▶ [Record extracts]:
Definition s_of (k : nat) (L : list pos) : nat := (length L - 1 - k)%nat.

(* left hand free: r = 0 or (r < 0 and f(r+1, s) = infinity) *)
Definition left_free (k : nat) (L : list pos) : Prop :=
  k = 0%nat \/ ((0 < k)%nat /\ f_infinite k L 1 (length L - 1)).

(* right hand free: s = 0 or (s > 0 and g(r, s-1) = infinity) *)
Definition right_free (k : nat) (L : list pos) : Prop :=
  s_of k L = 0%nat \/ ((0 < s_of k L)%nat /\ g_infinite k L 0 (length L - 2)).

Definition type_II (k : nat) (L : list pos) : Prop :=
  (left_free k L /\ ~ right_free k L) \/ (~ left_free k L /\ right_free k L).

(* Write k = -r and s for the distances from the general to the two ends of C.

   Lower bound: as the left hand is free, p_(r+1) ... p_s is part of configurations
   x0 p_(r+1) ... p_s x1 with the same boundary conditions on p_(r+1) ... p_s and
   arbitrarily long x0. News from p_r reaches p_l only at time k + l, so up to time
   k + l - 1 every automaton puts p_l in the same state in C and in such an extension.
   If p_s fired before time k + (k + s) in C, it would fire at the same time in an
   extension whose far left end is still quiescent then.

   Upper bound: every node records which of its neighbours precede and follow it on
   the path, so that the path behaves as a line. The general starts a clock wave; an end
   node reached by it knows its distance to the general and sends it back, hence every
   node learns k and s in time to fire at k + s + max(k, s) = 2k + s. The counters only
   need to reach 3|C|; on configurations with longer arms the automaton falls back on a
   classical firing squad started from the left end. The general cannot tell its two
   neighbours apart, which is harmless since the construction is symmetric. *)

From Stdlib Require Import ZArith List Arith Lia Bool Btauto Eqdep_dec FunctionalExtensionality.
Import ListNotations.
Open Scope nat_scope.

▶ [Required work]: From the listing above, return the lines starting at the one with "(left_free k L" and ending at the one with "Lower bound: as", both kept, exactly as they appear and nothing more.

▶ [Exercise result]:
  (left_free k L /\ ~ right_free k L) \/ (~ left_free k L /\ right_free k L).

(* Write k = -r and s for the distances from the general to the two ends of C.

   Lower bound: as the left hand is free, p_(r+1) ... p_s is part of configurations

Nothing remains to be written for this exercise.